Information:
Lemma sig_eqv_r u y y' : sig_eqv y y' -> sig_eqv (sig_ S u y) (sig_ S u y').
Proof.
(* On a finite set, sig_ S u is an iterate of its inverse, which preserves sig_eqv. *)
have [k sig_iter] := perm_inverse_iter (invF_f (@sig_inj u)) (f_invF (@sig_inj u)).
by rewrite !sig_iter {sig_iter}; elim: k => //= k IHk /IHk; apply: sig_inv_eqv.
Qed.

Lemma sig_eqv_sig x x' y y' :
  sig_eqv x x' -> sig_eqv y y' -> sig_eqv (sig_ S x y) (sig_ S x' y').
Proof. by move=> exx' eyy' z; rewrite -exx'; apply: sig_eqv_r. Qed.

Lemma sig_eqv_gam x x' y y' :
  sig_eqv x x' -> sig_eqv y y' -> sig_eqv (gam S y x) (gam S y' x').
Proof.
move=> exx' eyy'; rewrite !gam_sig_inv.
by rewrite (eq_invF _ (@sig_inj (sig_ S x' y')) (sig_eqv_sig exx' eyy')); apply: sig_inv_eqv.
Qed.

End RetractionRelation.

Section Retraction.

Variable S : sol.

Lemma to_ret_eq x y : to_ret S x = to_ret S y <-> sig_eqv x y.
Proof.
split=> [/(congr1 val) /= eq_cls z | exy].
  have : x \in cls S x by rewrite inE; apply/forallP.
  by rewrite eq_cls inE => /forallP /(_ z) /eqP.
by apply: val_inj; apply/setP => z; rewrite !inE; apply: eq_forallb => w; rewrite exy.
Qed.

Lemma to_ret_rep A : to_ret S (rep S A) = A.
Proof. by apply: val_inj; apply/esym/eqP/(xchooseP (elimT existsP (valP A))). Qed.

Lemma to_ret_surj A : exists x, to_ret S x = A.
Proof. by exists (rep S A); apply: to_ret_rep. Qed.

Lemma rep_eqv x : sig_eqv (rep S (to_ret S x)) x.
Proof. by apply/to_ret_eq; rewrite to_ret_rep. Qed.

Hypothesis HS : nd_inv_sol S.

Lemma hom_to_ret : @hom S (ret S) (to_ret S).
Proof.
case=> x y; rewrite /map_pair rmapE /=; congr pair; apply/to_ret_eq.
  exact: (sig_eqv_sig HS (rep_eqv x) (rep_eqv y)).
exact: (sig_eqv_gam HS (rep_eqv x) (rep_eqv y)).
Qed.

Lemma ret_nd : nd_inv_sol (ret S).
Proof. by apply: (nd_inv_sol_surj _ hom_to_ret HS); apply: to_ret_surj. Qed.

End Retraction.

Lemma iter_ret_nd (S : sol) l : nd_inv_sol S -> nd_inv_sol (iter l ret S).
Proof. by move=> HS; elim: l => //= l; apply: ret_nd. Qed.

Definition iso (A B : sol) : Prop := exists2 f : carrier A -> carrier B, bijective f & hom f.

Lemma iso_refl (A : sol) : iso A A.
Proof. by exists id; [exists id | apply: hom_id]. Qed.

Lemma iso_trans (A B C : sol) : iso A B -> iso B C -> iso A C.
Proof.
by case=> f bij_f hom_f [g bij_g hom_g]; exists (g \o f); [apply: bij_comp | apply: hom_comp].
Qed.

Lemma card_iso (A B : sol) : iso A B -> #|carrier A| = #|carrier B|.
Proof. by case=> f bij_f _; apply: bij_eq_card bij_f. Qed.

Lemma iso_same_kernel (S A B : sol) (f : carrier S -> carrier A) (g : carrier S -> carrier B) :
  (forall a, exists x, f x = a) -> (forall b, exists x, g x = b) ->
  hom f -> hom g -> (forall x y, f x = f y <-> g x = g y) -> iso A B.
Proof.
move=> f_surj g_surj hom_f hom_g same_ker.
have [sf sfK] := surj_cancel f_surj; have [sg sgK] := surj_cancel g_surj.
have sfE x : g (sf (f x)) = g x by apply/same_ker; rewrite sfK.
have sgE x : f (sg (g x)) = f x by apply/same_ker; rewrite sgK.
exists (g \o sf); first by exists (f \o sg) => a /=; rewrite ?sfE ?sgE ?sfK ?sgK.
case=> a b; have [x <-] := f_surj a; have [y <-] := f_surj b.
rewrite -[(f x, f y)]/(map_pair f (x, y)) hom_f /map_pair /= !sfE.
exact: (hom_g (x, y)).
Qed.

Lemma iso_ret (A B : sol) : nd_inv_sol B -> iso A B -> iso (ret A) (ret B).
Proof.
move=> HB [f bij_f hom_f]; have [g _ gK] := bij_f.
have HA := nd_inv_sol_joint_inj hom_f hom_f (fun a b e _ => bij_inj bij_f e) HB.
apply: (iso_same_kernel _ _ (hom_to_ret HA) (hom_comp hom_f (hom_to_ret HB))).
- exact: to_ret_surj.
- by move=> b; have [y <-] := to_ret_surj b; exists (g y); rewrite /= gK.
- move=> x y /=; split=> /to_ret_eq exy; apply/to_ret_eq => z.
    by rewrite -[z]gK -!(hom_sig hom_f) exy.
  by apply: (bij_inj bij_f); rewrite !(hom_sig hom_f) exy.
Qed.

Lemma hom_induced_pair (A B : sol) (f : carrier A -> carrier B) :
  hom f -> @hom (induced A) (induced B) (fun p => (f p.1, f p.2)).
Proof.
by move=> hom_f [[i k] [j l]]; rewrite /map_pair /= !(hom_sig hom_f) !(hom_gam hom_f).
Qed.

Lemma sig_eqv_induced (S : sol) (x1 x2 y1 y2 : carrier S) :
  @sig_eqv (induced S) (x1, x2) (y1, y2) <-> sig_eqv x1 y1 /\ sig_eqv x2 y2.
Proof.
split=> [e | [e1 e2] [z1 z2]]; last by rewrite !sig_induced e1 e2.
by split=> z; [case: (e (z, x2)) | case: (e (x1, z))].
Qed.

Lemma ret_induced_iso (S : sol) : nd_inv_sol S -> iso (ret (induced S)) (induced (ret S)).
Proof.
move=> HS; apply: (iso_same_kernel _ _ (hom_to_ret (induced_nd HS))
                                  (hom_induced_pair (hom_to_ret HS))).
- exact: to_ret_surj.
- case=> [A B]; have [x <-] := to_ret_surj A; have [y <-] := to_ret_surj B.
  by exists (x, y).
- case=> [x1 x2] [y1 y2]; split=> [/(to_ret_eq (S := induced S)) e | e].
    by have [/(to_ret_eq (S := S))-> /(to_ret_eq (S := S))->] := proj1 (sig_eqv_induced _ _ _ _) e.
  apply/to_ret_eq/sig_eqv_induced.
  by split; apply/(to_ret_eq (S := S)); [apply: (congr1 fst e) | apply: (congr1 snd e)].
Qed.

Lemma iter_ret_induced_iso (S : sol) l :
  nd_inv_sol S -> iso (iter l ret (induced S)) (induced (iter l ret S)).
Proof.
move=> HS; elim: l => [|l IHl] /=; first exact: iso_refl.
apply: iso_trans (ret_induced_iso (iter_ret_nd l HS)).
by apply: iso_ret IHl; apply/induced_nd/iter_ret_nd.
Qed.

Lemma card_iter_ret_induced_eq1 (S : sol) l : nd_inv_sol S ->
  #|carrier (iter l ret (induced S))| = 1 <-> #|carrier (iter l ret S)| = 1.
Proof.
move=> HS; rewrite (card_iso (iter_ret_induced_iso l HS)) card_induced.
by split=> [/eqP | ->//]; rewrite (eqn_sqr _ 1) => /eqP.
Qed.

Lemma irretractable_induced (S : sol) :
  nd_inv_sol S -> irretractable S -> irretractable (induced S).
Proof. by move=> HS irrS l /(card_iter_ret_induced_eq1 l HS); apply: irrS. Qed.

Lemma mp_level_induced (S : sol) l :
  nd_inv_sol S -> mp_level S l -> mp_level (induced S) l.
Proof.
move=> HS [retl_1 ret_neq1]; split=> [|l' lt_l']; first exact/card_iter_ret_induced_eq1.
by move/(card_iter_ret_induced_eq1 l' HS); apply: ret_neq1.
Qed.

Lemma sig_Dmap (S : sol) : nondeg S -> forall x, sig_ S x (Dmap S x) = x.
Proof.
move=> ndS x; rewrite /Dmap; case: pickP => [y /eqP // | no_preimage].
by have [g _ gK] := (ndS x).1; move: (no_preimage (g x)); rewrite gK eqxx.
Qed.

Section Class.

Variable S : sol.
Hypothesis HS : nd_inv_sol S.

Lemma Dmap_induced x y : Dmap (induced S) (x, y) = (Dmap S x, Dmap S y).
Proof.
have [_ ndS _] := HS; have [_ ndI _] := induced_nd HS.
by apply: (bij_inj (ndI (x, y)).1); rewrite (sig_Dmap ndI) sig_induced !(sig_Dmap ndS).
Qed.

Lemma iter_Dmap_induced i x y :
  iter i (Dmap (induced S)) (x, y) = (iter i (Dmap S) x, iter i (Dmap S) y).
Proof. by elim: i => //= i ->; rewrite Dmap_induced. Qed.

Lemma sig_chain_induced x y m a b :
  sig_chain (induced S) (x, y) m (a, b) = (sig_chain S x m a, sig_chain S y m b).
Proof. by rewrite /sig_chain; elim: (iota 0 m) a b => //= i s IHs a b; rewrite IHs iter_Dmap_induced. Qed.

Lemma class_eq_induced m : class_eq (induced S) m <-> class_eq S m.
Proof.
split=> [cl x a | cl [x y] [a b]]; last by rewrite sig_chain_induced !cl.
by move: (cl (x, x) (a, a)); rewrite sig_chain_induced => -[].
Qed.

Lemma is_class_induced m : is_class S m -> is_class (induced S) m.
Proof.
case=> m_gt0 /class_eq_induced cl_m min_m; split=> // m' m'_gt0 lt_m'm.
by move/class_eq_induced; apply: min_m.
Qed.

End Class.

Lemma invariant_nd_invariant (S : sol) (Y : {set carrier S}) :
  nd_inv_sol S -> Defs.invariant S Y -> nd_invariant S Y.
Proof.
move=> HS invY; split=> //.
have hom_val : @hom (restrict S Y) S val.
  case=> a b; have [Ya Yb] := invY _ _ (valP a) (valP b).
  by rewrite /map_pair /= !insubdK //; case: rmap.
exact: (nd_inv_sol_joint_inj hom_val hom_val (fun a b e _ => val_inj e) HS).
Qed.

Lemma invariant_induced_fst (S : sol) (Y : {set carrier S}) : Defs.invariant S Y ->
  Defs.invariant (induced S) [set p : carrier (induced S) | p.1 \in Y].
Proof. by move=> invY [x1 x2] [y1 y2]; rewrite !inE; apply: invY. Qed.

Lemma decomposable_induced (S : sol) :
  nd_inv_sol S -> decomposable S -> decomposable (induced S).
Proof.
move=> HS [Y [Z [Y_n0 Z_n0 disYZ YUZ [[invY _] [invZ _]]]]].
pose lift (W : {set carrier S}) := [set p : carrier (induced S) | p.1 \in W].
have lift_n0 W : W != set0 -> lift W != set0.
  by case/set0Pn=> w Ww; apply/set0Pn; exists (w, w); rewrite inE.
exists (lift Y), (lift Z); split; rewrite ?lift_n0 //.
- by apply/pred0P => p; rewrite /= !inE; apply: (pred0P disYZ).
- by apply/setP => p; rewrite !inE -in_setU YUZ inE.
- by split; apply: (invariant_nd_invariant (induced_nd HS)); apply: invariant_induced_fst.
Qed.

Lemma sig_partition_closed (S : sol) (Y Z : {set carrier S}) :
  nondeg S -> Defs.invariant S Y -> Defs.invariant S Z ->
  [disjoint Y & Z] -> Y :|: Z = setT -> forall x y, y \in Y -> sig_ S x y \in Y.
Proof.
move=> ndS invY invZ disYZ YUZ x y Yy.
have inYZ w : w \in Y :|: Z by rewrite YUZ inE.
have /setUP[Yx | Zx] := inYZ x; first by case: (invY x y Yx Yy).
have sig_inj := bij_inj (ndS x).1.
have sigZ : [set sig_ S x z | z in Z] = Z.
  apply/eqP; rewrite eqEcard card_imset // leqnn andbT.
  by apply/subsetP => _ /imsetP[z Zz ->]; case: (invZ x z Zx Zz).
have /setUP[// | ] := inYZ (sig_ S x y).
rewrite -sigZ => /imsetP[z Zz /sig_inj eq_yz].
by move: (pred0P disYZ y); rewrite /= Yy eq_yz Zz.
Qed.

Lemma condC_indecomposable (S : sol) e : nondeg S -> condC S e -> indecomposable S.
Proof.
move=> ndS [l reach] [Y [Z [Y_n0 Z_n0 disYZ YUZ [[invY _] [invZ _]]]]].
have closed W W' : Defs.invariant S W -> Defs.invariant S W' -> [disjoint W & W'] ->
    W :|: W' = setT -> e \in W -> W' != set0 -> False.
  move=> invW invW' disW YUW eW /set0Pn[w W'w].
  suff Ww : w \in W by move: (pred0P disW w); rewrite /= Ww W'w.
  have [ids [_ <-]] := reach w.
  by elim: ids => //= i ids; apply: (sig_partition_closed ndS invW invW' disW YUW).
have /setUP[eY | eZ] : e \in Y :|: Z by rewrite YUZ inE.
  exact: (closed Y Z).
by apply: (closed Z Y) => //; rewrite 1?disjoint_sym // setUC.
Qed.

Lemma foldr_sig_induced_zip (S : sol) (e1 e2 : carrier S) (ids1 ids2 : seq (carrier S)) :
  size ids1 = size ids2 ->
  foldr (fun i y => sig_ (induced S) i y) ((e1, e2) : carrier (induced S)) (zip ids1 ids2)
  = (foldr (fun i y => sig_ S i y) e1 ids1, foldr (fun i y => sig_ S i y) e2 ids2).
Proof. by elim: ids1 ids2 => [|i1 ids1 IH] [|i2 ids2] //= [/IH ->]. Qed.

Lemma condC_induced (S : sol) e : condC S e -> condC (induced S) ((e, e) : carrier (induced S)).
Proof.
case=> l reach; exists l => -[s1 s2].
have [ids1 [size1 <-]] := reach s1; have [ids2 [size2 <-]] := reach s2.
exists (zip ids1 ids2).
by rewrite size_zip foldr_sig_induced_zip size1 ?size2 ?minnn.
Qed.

What you will do:
Reprint exactly the lines above that start at the one with "- by split;" and end at the one with "have inYZ w", keeping both and adding none.

Answer for the task:
- by split; apply: (invariant_nd_invariant (induced_nd HS)); apply: invariant_induced_fst.
Qed.

Lemma sig_partition_closed (S : sol) (Y Z : {set carrier S}) :
  nondeg S -> Defs.invariant S Y -> Defs.invariant S Z ->
  [disjoint Y & Z] -> Y :|: Z = setT -> forall x y, y \in Y -> sig_ S x y \in Y.
Proof.
move=> ndS invY invZ disYZ YUZ x y Yy.
have inYZ w : w \in Y :|: Z by rewrite YUZ inE.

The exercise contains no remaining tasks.